Across the four sets there are only four unique compounds, with seven unique poses:
Compound ID | Pose ID | upload_1 | upload_2 | upload_3 | upload_4 |
---|---|---|---|---|---|
90 | 108 | Y | Y | ||
90 | 109 | Y | Y | Y | Y |
2165 | 6580 | Y | Y | Y | Y |
2165 | 6581 | Y | Y | Y | Y |
2183 | 6588 | Y | Y | Y | |
2246 | 6620 | Y | |||
2246 | 6621 | Y |
Apologies for using the pose nomenclature to mean something different from the LHS (that's how I call it in my software "HIPPO"). The compound ID's and pose ID's are the unique identifiers from my database.
A71EV2A-U95X
A71EV2A-U95X-a
upload_1 should upload mostly as it does now
A71EV2A-U95X-a
and A71EV2A-U95X-b
upload_2 should cause the version
metadata column to be updated to 2
for each compound
upload_3 should be similar to upload_2 except that there is only a subset of compounds
upload_4 should be similar to upload_3 except that there are now also novel compounds/poses that need registering
@kaliif as this is quite a complicated specification, please can you initially investigate how difficult the various features will be. While I have extensively tested the 'flat InChi-key' matching, it can still be quite finicky, so potentially we could decide not to support having the globally unique identifiers.
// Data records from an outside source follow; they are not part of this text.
Lemma is_dual_elt_sandwich s :
  is_dual_elt (fun x => tensor_eval (sandwich_form mul g x) s).
Proof.
case: hB => _ [mDr mDl] mZl mZr _; case: hg => gD gZ G0 _.
split=> [x y|k x|].
- rewrite /tensor_eval -big_split; apply: eq_bigr => q _.
  by rewrite /sandwich_form mDr mDl gD.
- rewrite /tensor_eval mulr_sumr; apply: eq_bigr => q _.
  by rewrite /sandwich_form mZr mZl gZ.
exists (G * \sum_(q <- s) `|q.1| * `|q.2|) => x.
apply: le_trans (ler_norm_sum _ _ _) _.
have [_ _ bound] := bounded_bilinear_sandwich x.
apply: le_trans (ler_sum _ (fun q _ => bound q.1 q.2)) _.
by rewrite -mulr_sumr mulrAC.
Qed.

Lemma tensor_eval_sandwich_commutator a b s :
  tensor_eval (sandwich_form mul g (mul a b - mul b a)) s =
  - tensor_eval (sandwich_form mul g b) (ftsub (ftlmul mul a s) (ftrmul mul s a)).
Proof.
have [bil _ _] := bounded_bilinear_sandwich b; case: hB => mA _ _ _ _.
rewrite tensor_eval_sub // /tensor_eval !big_map opprB -sumrB.
apply: eq_bigr => q _; rewrite /sandwich_form bmulBr bmulBl bounded_functionalB.
by rewrite !mA.
Qed.

Lemma tensor_eval_sandwich_central z s : central mul z ->
  tensor_eval (sandwich_form mul g z) s = tensor_eval (product_form mul g z) (ftflip s).
Proof.
move=> zc; rewrite tensor_eval_flip; apply: eq_bigr => q _.
by case: hB => mA _ _ _ _; rewrite /sandwich_form /product_form mA zc.
Qed.

Lemma tensor_eval_product z s :
  tensor_eval (product_form mul g z) s = g (mul z (ftpi mul s)).
Proof.
by case: hg => gD _ _ _; rewrite bmul_sumr (big_morph _ gD bounded_functional0).
Qed.

End Functional.
End BanachAlgebra.

Lemma commutator_net_at_of_functional (R : realType) (U : completeNormedModType R[i])
    (mul : U -> U -> U) (g : U -> R[i]) (G : R[i]) (z : U) :
  is_banach_algebra mul -> bounded_functional g G -> central mul z -> g z = 1 ->
  symmetrically_pseudo_amenable mul -> commutator_net_at mul z.
Proof.
move=> hB hg zc gz [L [le [t [[dir tc diag_comm diag_unit] tsym]]]].
have [G0 gG] : 0 <= G /\ forall x, `|g x| <= G * `|x| by case: hg.
have pos_C (r : {r : R | 0 < r}) : 0 < (sval r)%:C by rewrite ltcR; exact: valP.
have [N tN] := choice (fun lr : L * {r : R | 0 < r} => tc lr.1 _ (pos_C lr.2)).
exists _, (refine_le R le),
  (fun lr x => tensor_eval (sandwich_form mul g x) (t lr.1 (N lr))).
split=> [||a b|].
- exact: directed_refine_le.
- move=> lr; exact: (is_dual_elt_sandwich hB hg (t lr.1 (N lr))).
- apply: (net_cvg_tensor_eval (bounded_bilinear_sandwich hB hg _) _ tN); last first.
    move=> e e0; have [l0 comm_l0] := diag_comm a e e0.
    exists l0 => l /comm_l0 [N0 commN0]; exists N0 => n /commN0 comm_n.
    rewrite subr0 (tensor_eval_sandwich_commutator hB hg) normrN.
    exact: tensor_eval_le (bounded_bilinear_sandwich hB hg b) comm_n.
  by rewrite mulr_ge0.
- apply: (net_cvg_tensor_eval (K' := G * `|z| + G)
    (bounded_bilinear_sandwich hB hg _) _ tN).
    by rewrite addr_ge0 ?mulr_ge0.
  move=> e e0; have [l0 unit_l0] := diag_unit z e e0.
  exists l0 => l /unit_l0 [N1 unitN1]; have [N2 symN2] := tsym l e e0.
  exists (maxn N1 N2) => n; rewrite geq_max => /andP[n_ge1 n_ge2].
  rewrite (tensor_eval_sandwich_central hB) //.
  set P := tensor_eval (product_form mul g z).
  have -> : P (ftflip (t l n)) - 1 = (P (ftflip (t l n)) - P (t l n)) + (P (t l n) - 1).
    by rewrite addrA subrK.
  rewrite mulrDl; apply: le_trans (ler_normD _ _) _; apply: lerD.
    exact: tensor_eval_dist_le (bounded_bilinear_product hB hg z) (symN2 _ n_ge2).
  rewrite /P (tensor_eval_product hB hg) -zc -gz -(bounded_functionalB hg).
  by apply: le_trans (gG _) _; rewrite ler_wpM2l // ltW // unitN1.
Qed.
In which case, the updating of compound set metadata should only be supported if the replacement SDF has the same molecules and in the same order.
@kaliif says that the full implementation will be a large (1 week + ) chunk of work. @phraenquex says to prioritise the minimal features that will make the design dissemination less painful
@kaliif as a minimal fix could you please support only the metadata superseding with persistent naming for single compound sets.
So for example support superseding upload_1 by upload_2 from the above example data.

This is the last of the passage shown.